Laccase (p-diphenol, EC1.10.3.2) is a copper-containing glycoprotein oxidase. Plant laccase is a ubiquitous multifunctional protein that encodes a large gene family. 

Laccase tandem duplication Populus trichocarpa gene family functional divergence

1. Introduction

Oryza sativa L. [1], Brachypodium distachyon (L.) Beauv. [2], and Arabidopsis thaliana (L.) Heynh. [3] have 30, 29, and 17 laccase genes, respectively. The functions of some plant laccases have been revealed through genetics and molecular biology strategies. For example, Arabidopsis laccases AtLAC4, AtLAC11, and AtLAC17 play a key role in the polymerization of lignin [4]. AtLAC15 is involved in the oxidative polymerization of flavonoids [5]. O. sativa laccases Os12g15680 and Os01g63180 participate in herbicide degradation [6]. Zea mays Linn. laccase ZMLAC1 responds to salt stress in maize roots [7]. The cotton laccase GaLAC1 enhances the resistance of Arabidopsis to phenolic allelochemicals [8].
Comparative plant genomics studies confirmed that plant gene families are largely conserved [9]. However, lineage-specific fluctuations in gene family size often occur [9][10][11]. This kind of fluctuation is produced by gene duplication and is specifically used to improve plant adaptability. Plants have a higher gene duplication rate than most eukaryotes [12]. Most of these plant gene copies are derived from whole-genome replication and/or tandem duplication. Earlier studies showed that many repeated genes are retained during the evolutionary process, and that these genes have functional divergence [13]. The effect of duplication mechanism on gene retention has been studied in different species [14][15]. It is a key issue that needs to be discussed in depth in the study of the evolution of gene families.
The whole-genome sequence of P. trichocarpa has been reported in 2006 as the first woody plant genome data [16]. P. trichocarpa has experienced three genome duplication events, the most recent of which occurred approximately 60–65 million years ago. The annotation results of the P. trichocarpa genome identified about 45,555 protein-coding gene loci.

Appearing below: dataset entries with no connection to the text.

(* $U_{2,4}\oplus U_{2,4}$ is an excluded minor for $\mathcal M_2$: it is not in $\mathcal M_2$, but every proper minor of it is in $\mathcal M_2$.
   Context: An integer matrix $A$ is $\Delta$-modular if the determinant of every $\operatorname{rank}(A)\times\operatorname{rank}(A)$ submatrix has absolute value at most $\Delta$. $\mathcal M_2$ is the class of matroids isomorphic to the real vector matroid of the columns of some $2$-modular matrix. *)

From HB Require Import structures.
From mathcomp Require Import all_boot all_order all_algebra.
From mathcomp Require Import Rstruct.
From Stdlib Require Rdefinitions.
Set Implicit Arguments. Unset Strict Implicit. Unset Printing Implicit Defensive.
Import Order.TTheory GRing.Theory Num.Theory.
Local Open Scope ring_scope.

(* A matroid on a finite ground set T (the whole type) is given by its
   independence predicate on subsets of T. *)

Definition matroid_iso (T1 T2 : finType) (I1 : {set T1} -> bool)
  (I2 : {set T2} -> bool) : Prop :=
  exists f : T1 -> T2, bijective f /\ forall X : {set T1}, I1 X = I2 (f @: X).

Definition real_vector_matroid (m n : nat) (A : 'M[int]_(m, n))
  (X : {set 'I_n}) : bool :=
  (\rank (colsub (fun i : 'I_#|X| => enum_val i) (map_mx (intr : int -> Rdefinitions.R) A))
    == #|X|)%N.

Definition Delta_modular (Delta : nat) (m n : nat) (A : 'M[int]_(m, n)) : Prop :=
  let r := \rank (map_mx (intr : int -> Rdefinitions.R) A) in
  forall (f : 'I_r -> 'I_m) (g : 'I_r -> 'I_n),
    injective f -> injective g -> `|\det (mxsub f g A)| <= Delta%:Z.

Definition in_M2 (T : finType) (I : {set T} -> bool) : Prop :=
  exists (m n : nat) (A : 'M[int]_(m, n)),
    Delta_modular 2 A /\ matroid_iso I (@real_vector_matroid m n A).

Definition uniform_matroid (r n : nat) (X : {set 'I_n}) : bool := (#|X| <= r)%N.

Definition direct_sum (T1 T2 : finType) (I1 : {set T1} -> bool)
  (I2 : {set T2} -> bool) (X : {set T1 + T2}) : bool :=
  I1 [set x | inl x \in X] && I2 [set y | inr y \in X].

(* Minor M / C \ D on the ground set T - (C u D): a set X is independent iff
   X u B is independent in M for a basis (maximal independent subset) B of C. *)
Definition minor_ground (T : finType) (C D : {set T}) :=
  {x : T | x \notin C :|: D}.

Definition minor (T : finType) (I : {set T} -> bool) (C D : {set T})
  (X : {set minor_ground C D}) : bool :=
  [exists B : {set T},
     [&& B \subset C, I B,
         [forall B' : {set T}, [&& B \subset B', B' \subset C & I B'] ==> (B' == B)]
       & I ((fun x : minor_ground C D => val x) @: X :|: B)]].

Definition U24_plus_U24 : {set 'I_4 + 'I_4} -> bool :=
  direct_sum (@uniform_matroid 2%N 4%N) (@uniform_matroid 2%N 4%N).

Arguments minor [T] I C D X.

From HB Require Import structures.
From mathcomp Require Import all_boot all_order all_algebra.
From mathcomp Require Import ring zify.
From mathcomp Require Import Rstruct.
Set Implicit Arguments. Unset Strict Implicit. Unset Printing Implicit Defensive.
Import Order.TTheory GRing.Theory Num.Theory.
Local Open Scope ring_scope.

(** A 2-modular representation of U24 (+) U24 has rank
    4; restricted to four spanning rows, the 4x4 minor on columns
    {a, b | t, u} (a, b from the first copy, t, u from the second) has
    absolute value 1 or 2 when a <> b and t <> u, and vanishes on every other
    4-set.  The three-term Grassmann-Pluecker relations then force
    |det(a, b | t, u)| = f(a, b) g(t, u).  A three-term Pluecker relation whose
    six terms all have the same absolute value cannot hold, so f takes both
    values 1 and 2; then |det(a, b | t, u)| = 2 for all t, u whenever
    f(a, b) = 2, and the Pluecker relation in the second copy fails.

    Each side of a proper minor is a
    uniform matroid of rank at most 2, represented on its own two coordinates
    by columns chosen among 0, e, f, e + f, e - f.  As C :|: D is nonempty, one
    side keeps at most three elements and never uses e - f, and then every
    square submatrix has determinant of absolute value at most 2, which is
    checked by computation. *)

Notation mxR := (map_mx (intr : int -> Rdefinitions.R)).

About 4839 tandem-duplicated genes are present in P. trichocarpa and account for 10.6% of the total number of genes [16]. Whether the genes produced by tandem or segment duplication have functional redundancy is of concern. The laccases PtLAC3 (Poptri.010G193100) and PtLAC2 (Poptri.008G064000) of P. trichocarpa are a pair of genes produced by segmental duplication. After inhibition of the expression of PtLAC3, the lignin content and composition are not significantly changed in P. trichocarpa. The growth and development of P. trichocarpa are not affected, but the integrity of the xylem fiber cell wall is affected [17]. Anthony C. Bryan has shown that reducing the expression of PdLAC2 (the ortholog of PtLAC2) can cause changes in the syringyl/guaiacyl ratio of Populus deltoides. PdLAC2 is considered to be involved in the oxidation of phenolics and the binding of flavonoids that interact with cell wall lignin [18]. These findings indicate that the genes produced by segmental duplication have functional differences. However, the current research on the function of tandem-duplicated genes in plants is rare. Therefore, studies of gene function are necessary to reveal the functional differentiation of tandem duplicates.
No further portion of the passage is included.